Using the records provided below, locate and copy each line that contains the word "Hypothesis".
________________________
(* A $po$-$\Gamma$-semigroup $M$ is regular if and only if for every fuzzy subset $f$ of $M$ we have $f\preceq (f\circ 1)\circ f$.
   Context: Let $M$ and $\Gamma$ be nonempty sets with a map $M\times\Gamma\times M\to M$, $(a,\gamma,b)\mapsto a\gamma b$, satisfying $(a\gamma b)\mu c=a\gamma(b\mu c)$ for all $a,b,c\in M$, $\gamma,\mu\in\Gamma$. A $po$-$\Gamma$-semigroup is such an $M$ with a partial order $\le$ such that $a\le b$ implies $a\gamma c\le b\gamma c$ and $c\gamma a\le c\gamma b$ for all $c\in M$, $\gamma\in\Gamma$. For $H\subseteq M$, $(H]=\{t\in M: t\le h \text{ for some } h\in H\}$; $a\Gamma M\Gamma a=\{a\gamma x\mu a: x\in M,\gamma,\mu\in\Gamma\}$. $M$ is regular if $a\in(a\Gamma M\Gamma a]$ for every $a\in M$. A fuzzy subset of $M$ is a map $M\to[0,1]$; $1$ is the constant fuzzy subset with value $1$. For $c\in M$ let $A_c=\{(y,z)\in M\times M: c\le y\gamma z \text{ for some }\gamma\in\Gamma\}$. $(f\circ g)(c)=\bigvee_{(y,z)\in A_c}\min\{f(y),g(z)\}$ if $A_c\ne\emptyset$, and $0$ otherwise. $f\preceq g$ means $f(c)\le g(c)$ for all $c\in M$. *)

From HB Require Import structures.
From mathcomp Require Import all_boot all_order all_algebra.
From mathcomp Require Import all_classical all_reals.
From mathcomp Require Import Rstruct.
From Stdlib Require Import Rdefinitions.
Set Implicit Arguments. Unset Strict Implicit. Unset Printing Implicit Defensive.
Import Order.TTheory GRing.Theory Num.Theory.
Local Open Scope classical_set_scope.
Local Open Scope ring_scope.

Section Defs.
Variables (M G : Type) (op : M -> G -> M -> M) (le : M -> M -> Prop).

Definition po_Gamma_semigroup : Prop :=
  [/\ inhabited M, inhabited G,
      (forall (a b c : M) (g m : G), op (op a g b) m c = op a g (op b m c)),
      [/\ (forall a, le a a),
          (forall a b, le a b -> le b a -> a = b) &
          (forall a b c, le a b -> le b c -> le a c)] &
      (forall (a b c : M) (g : G), le a b -> le (op a g c) (op b g c) /\ le (op c g a) (op c g b))].

Definition down (H : set M) : set M := [set t | exists2 h, H h & le t h].

Definition aGMGa (a : M) : set M := [set t | exists x g m, t = op (op a g x) m a].

Definition regular : Prop := forall a : M, down (aGMGa a) a.

Definition fuzzy (f : M -> R) : Prop := forall x, 0 <= f x <= 1.

Definition one_fz : M -> R := fun _ => 1.

Definition A_c (c : M) : set (M * M) := [set p | exists g, le c (op p.1 g p.2)].

Definition fcomp (f g : M -> R) : M -> R := fun c =>
  if `[< A_c c !=set0 >] then sup [set Num.min (f p.1) (g p.2) | p in A_c c] else 0.

Definition fle (f g : M -> R) : Prop := forall c, f c <= g c.
End Defs.

From Pilot Require Import Defs.
From mathcomp Require Import all_boot all_order all_algebra.
From mathcomp Require Import all_classical all_reals.
From mathcomp Require Import Rstruct.
From Stdlib Require Import Rdefinitions.
Import Order.TTheory GRing.Theory Num.Theory.
Local Open Scope classical_set_scope.
Local Open Scope ring_scope.

(* If a <= a g x m a, then the pairs (a, x) and (a g x, a) witness
   f a <= ((f o 1) o f)(a).  Conversely, test the inequality on the
   characteristic function of the down-set (a]: its right-hand side at a can
   only be positive through pairs (y, z), (u, v) with a <= y g z, y <= u m v
   and u, z <= a, and then a <= a m v g a, so a is regular. *)

Section FuzzyComposition.
Variables (M G : Type) (op : M -> G -> M -> M) (le : M -> M -> Prop).

Local Notation fcomp := (fcomp op le).
Local Notation A_c := (A_c op le).

Lemma fcomp_le_ub (f g : M -> R) c (b : R) : 0 <= b ->
  (forall p, A_c c p -> Num.min (f p.1) (g p.2) <= b) -> fcomp f g c <= b.
Proof.
move=> b_ge0 ub; rewrite /fcomp; case: asboolP => [[p Ap]|_] //.
apply: ge_sup; first by exists (Num.min (f p.1) (g p.2)), p.
by move=> _ [q Aq <-]; apply: ub.
Qed.

Lemma min_le_fcomp {f g : M -> R} {c} p : (forall x, f x <= 1) ->
  A_c c p -> Num.min (f p.1) (g p.2) <= fcomp f g c.
Proof.
move=> f_le1 Ap; rewrite /fcomp asboolT; last by exists p.
apply: ub_le_sup; last by exists p.
by exists 1 => _ [q _ <-]; rewrite ge_min f_le1.
Qed.

Lemma fcomp_le1 {f g : M -> R} {c} : (forall x, f x <= 1) -> fcomp f g c <= 1.
Proof. by move=> f_le1; apply: fcomp_le_ub => // p _; rewrite ge_min f_le1. Qed.

Lemma fcomp_le0 (f g : M -> R) c :
  (forall p, A_c c p -> f p.1 <= 0 \/ g p.2 <= 0) -> fcomp f g c <= 0.
Proof.
move=> vanish; apply: fcomp_le_ub => // p /vanish.
by rewrite ge_min => -[-> | ->]; rewrite ?orbT.
Qed.

Definition down_indicator (a : M) : M -> R :=
  fun x => if `[< le x a >] then 1 else 0.

Lemma fuzzy_down_indicator a : fuzzy (down_indicator a).
Proof. by move=> x; rewrite /down_indicator; case: ifP; rewrite ?lexx ?ler01. Qed.

Lemma down_indicator_le0 a x : ~ le x a -> down_indicator a x <= 0.
Proof. by rewrite /down_indicator => /asboolPn/negbTE ->. Qed.

Hypothesis leM_refl : forall a, le a a.
Hypothesis leM_trans : forall {a b c}, le a b -> le b c -> le a c.
Hypothesis op_mono : forall {a b : M} (c : M) (g : G),
  le a b -> le (op a g c) (op b g c) /\ le (op c g a) (op c g b).

Lemma op_mono2 (a b c d : M) (g : G) :
  le a b -> le c d -> le (op a g c) (op b g d).
Proof.
move=> ab cd; apply: (leM_trans (proj1 (op_mono c g ab))).
exact: (proj2 (op_mono b g cd)).
Qed.

Lemma down_indicator_self a : down_indicator a a = 1.
Proof. by rewrite /down_indicator asboolT. Qed.

Lemma regular_fle_fcomp : regular op le ->
  forall f : M -> R, fuzzy f -> fle f (fcomp (fcomp f (@one_fz M)) f).
Proof.
move=> reg f f_fuzzy a.
have f_le1 x : f x <= 1 by case/andP: (f_fuzzy x).
have [_ [x [g [m ->]]] a_le] := reg a.
have left_pair : f a <= fcomp f (@one_fz M) (op a g x).
  apply: le_trans (min_le_fcomp (a, x) f_le1 _); last by exists g; apply: leM_refl.
  by rewrite /one_fz le_min lexx f_le1.
apply: le_trans (min_le_fcomp (op a g x, a) (fun y => fcomp_le1 f_le1) _).
  by rewrite le_min left_pair lexx.
by exists m.
Qed.

Lemma fle_fcomp_down_indicator_regular a :
  fle (down_indicator a)
      (fcomp (fcomp (down_indicator a) (@one_fz M)) (down_indicator a)) ->
  Defs.down le (aGMGa op a) a.
Proof.
move=> f_le; apply: contrapT => a_nreg.
suff : fcomp (fcomp (down_indicator a) (@one_fz M)) (down_indicator a) a <= 0.
  by move/(le_trans (f_le a)); rewrite down_indicator_self ler10.
apply: fcomp_le0 => -[y z] [g /= a_le_yz].
have [z_le|] := pselect (le z a); last by right; apply: down_indicator_le0.
left; apply: fcomp_le0 => -[u v] [m /= y_le_uv].
have [u_le|] := pselect (le u a); last by left; apply: down_indicator_le0.
exfalso; apply: a_nreg; exists (op (op a m v) g a); first by exists v, m, g.
apply: (leM_trans a_le_yz); apply: op_mono2 => //.
exact: leM_trans y_le_uv (proj1 (op_mono v m u_le)).
Qed.

End FuzzyComposition.

Theorem theorem23 (M G : Type) (op : M -> G -> M -> M) (le : M -> M -> Prop) :
  po_Gamma_semigroup op le ->
  (regular op le <->
   (forall f : M -> R, fuzzy f ->
      fle f (fcomp op le (fcomp op le f (@one_fz M)) f))).
Proof.
case=> _ _ _ [leM_refl _ leM_trans] op_mono; split.
- exact: regular_fle_fcomp.
- move=> fle_fcomp a; apply: fle_fcomp_down_indicator_regular => //.
  exact/fle_fcomp/fuzzy_down_indicator.
Qed.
________________________
Reply ▸
Hypothesis leM_refl : forall a, le a a.
Hypothesis leM_trans : forall {a b c}, le a b -> le b c -> le a c.
Hypothesis op_mono : forall {a b : M} (c : M) (g : G),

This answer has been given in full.